UCLA Chemists Create Solar Cells Capable of Retaining Energy for Weeks

Tuesday, 23 June 2015 - 11:31AM
Tuesday, 23 June 2015 - 11:31AM
UCLA Chemists Create Solar Cells Capable of Retaining Energy for Weeks
The hunt for sustainable energy is on; UCLA chemists have just published research pertaining to a new design for a plastic that is capable of storing solar energy for up to several weeks, which could revolutionize the solar power industry.

The design was inspired by the way plants generate energy from photosynthesis. "In photosynthesis, plants that are exposed to sunlight use carefully organized nanoscale structures within their cells to rapidly separate charges... that separation is key to making the process so efficient," explains Sarah Tolbert, UCLA professor of chemistry and one of the senior authors of the research. 

Up until now, conventional rooftop solar cells used silicone, a fairly expensive material which led to difficulties in lowering the costs associated with solar energy, and made the technology inaccessible to many people. The cheaper plastic alternatives on the market are relatively inefficient, mostly because the separated positive and negative charges often recombine before they become energy. 

Toldbert's team has managed come up with a way to combat this inefficiency by using two components, a polymer donor and a nano-scale fullerene acceptor.
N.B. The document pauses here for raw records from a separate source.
(* Let $\{\mathcal B_n\}_{n\in\omega}$ be an entwined family and $\mathcal H_n:=\mathbb H[\mathcal B_{n-1}]_n$ for $n\ge1$. Let $\sigma$ be an initial type. If either $n>\mathrm{order}(\sigma)$, or $n=\mathrm{order}(\sigma)$ and $\sigma$ is inactive, then $\mathcal H_n[\sigma]$ is a finite set.
   Context: Standing assumptions. $\Sigma_{\mathrm{bg}}$ is a first-order signature with a distinguished sort $W$ and a binary relation symbol $\le$ on $W$. All other sorts are written $S$ and are interpreted by a fixed structure $\mathcal A$ as finite sets. $\le$ is interpreted in $\mathcal A$ as a total order. $\Sigma_{\mathrm{fg}}$ is a finite set of higher-order predicate symbols, disjoint from $\Sigma_{\mathrm{bg}}$, each of initial type. $l:=\max\{\mathrm{order}(\rho)\mid X:\rho\in\Sigma_{\mathrm{fg}}\}$. For $i\ge1$, $\Sigma_i\subseteq\Sigma_{\mathrm{fg}}$ consists of the symbols whose type has order at most $i$. Types. Relational types are $\rho::=o\mid\sigma\to\rho$ and argument types are $\sigma::=S\mid W\mid\rho$. The order is given by $\mathrm{order}(S)=\mathrm{order}(W)=\mathrm{order}(o)=0$ and $\mathrm{order}(\sigma\to\tau)=\max(\mathrm{order}(\sigma)+1,\mathrm{order}(\tau))$. Initial types. A type $\sigma_1\to\cdots\to\sigma_n\to o$ is initial if: (O1) at most one $\sigma_j$ is $W$; (O2) if $\sigma_j=W$, then $\mathrm{order}(\sigma_i)<\mathrm{order}(\sigma_j\to\cdots\to\sigma_n\to o)$ for all $i<j$; (O3) each $\sigma_j$ is $S$, $W$ or initial. It is active if some $\sigma_i=W$, and inactive otherwise. Active types are written $\xi$ and inactive ones $\nu$. Frames and structures. A frame $\mathcal H$ assigns to each type a set: $\mathcal H[S]=\mathcal A[S]$, $\mathcal H[W]=\mathcal A[W]$, $\mathcal H[o]=\mathbb B=\{0,1\}$, and $\mathcal H[\sigma_1\to\sigma_2]\subseteq[\mathcal H[\sigma_1]\to\mathcal H[\sigma_2]]$, where $[A\to B]$ is the set of all functions. $\mathcal S$ is the standard frame, using full function spaces. For $\Xi\subseteq\Sigma_{\mathrm{fg}}$, a $(\Xi,\mathcal H)$-structure $\mathcal B$ extends $\mathcal A$ by an element $X^{\mathcal B}\in\mathcal H[\rho]$ for each $X:\rho\in\Xi$. A $(\Xi_2,\mathcal H_2)$-structure $\mathcal B_2$ is an expansion of a $(\Xi_1,\mathcal H_1)$-structure $\mathcal B_1$ (with $\Xi_1\subseteq\Xi_2$) if $c^{\mathcal B_2}=c^{\mathcal B_1}$ for all $c\in\Xi_1$. Ordering on relations. $\le_o$ on $[U_n\to\cdots\to U_1\to\mathbb B]$ is defined by: $f\le_o g$ iff ($f=0$ or $g=1$) when $n=0$, and iff $f(x)\le_o g(x)$ for all $x$ otherwise. $\top$ is the constantly-$1$ relation. Entwined frame. For $n\ge1$ and a $(\Xi,\mathcal H)$-structure $\mathcal B$, $\mathbb H[\mathcal B]_n$ is defined by cases on $\sigma$: (i) If $\sigma$ is initial with $\mathrm{order}(\sigma)\le n-2$, or $\sigma$ is inactive, $S$, $W$ or $o$ with $\mathrm{order}(\sigma)\le n-1$: $\mathbb H[\mathcal B]_n[\sigma]:=\mathcal H[\sigma]$. (ii) If $\sigma$ is active with $\mathrm{order}(\sigma)=n-1$: $\mathbb H[\mathcal B]_n[W\to\nu]:=\{\top\}\cup\{X^{\mathcal B}\,\overline s\mid X:\overline\tau\to W\to\nu\in\Xi,\ s_i\in\mathcal H[\tau_i]\}$, and $\mathbb H[\mathcal B]_n[\sigma_1\to\xi]:=[\mathbb H[\mathcal B]_n[\sigma_1]\to\mathbb H[\mathcal B]_n[\xi]]$. (iii) If $\sigma$ is initial with $\mathrm{order}(\sigma)=n$: $\mathbb H[\mathcal B]_n[W\to\nu]:=\{f\in[\mathcal A[W]\to\mathbb H[\mathcal B]_n[\nu]]\mid\forall z\le^{\mathcal A}z'.\ f(z)\le_o f(z')\}$, and $\mathbb H[\mathcal B]_n[\sigma_1\to\sigma_2]:=[\mathbb H[\mathcal B]_n[\sigma_1]\to\mathbb H[\mathcal B]_n[\sigma_2]]$ for $\sigma_1\ne W$. (iv) Otherwise (non-initial, or order $>n$): full function space $[\mathbb H[\mathcal B]_n[\sigma_1]\to\mathbb H[\mathcal B]_n[\sigma_2]]$. Entwined family. $\{\mathcal B_n\}_{n\in\omega}$ is entwined if $\mathcal B_0$ is the unique $(\emptyset,\mathcal S)$-structure and each $\mathcal B_{n+1}$ is a $(\Sigma_{n+1},\mathbb H[\mathcal B_n]_{n+1})$-expansion of $\mathcal B_n$. An entwined structure is a member of some entwined family. *)

From mathcomp Require Import all_boot.
From Stdlib Require List.


(* Types.  [TS s] is a background sort S, [TW] the distinguished sort W,     *)
(* [To] is o and [Tarr a b] is a -> b.                                       *)
Inductive hty (sort : Type) : Type :=
  | TS of sort
  | TW
  | To
  | Tarr of hty sort & hty sort.
Arguments TS {sort}.
Arguments TW {sort}.
Arguments To {sort}.
Arguments Tarr {sort}.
A fullerene, is a molecule of carbon in the form of a hollow sphere, tube, or other shape. The polymer donor absorbs sunlight and passes electrons to the fullerene acceptor, which then generates energy. "This new system pulls charges apart and keeps them separated for days, or even weeks," says Tolbert.

Previous plastic solar cells have contained this same technology, but the two parts were thrown together in a disorganized mass, which made it difficult to get current out of the cell because the electrons would sometimes re-attach to their polymer donor. But, as the UCLA team state, their new polymer is more precisely arranged, which leads to some spectacularly different results:

"The UCLA technology arranges the elements more neatly -- like small bundles of uncooked spaghetti with precisely placed meatballs (see image below)," say the researchers. "Some fullerene meatballs are designed to sit inside the spaghetti bundles, but others are forced to stay on the outside. The fullerenes inside the structure take electrons from the polymers and toss them to the outside fullerene, which can effectively keep the electrons away from the polymer for weeks."

(Credit: UCLA)


The researchers are already working on how to incorporate the newly-discovered technology into actual solar cells. Yves Rubin, senior co-author of the study is excited for this next step, "When we can put them together and make a closed circuit, then we will really be somewhere."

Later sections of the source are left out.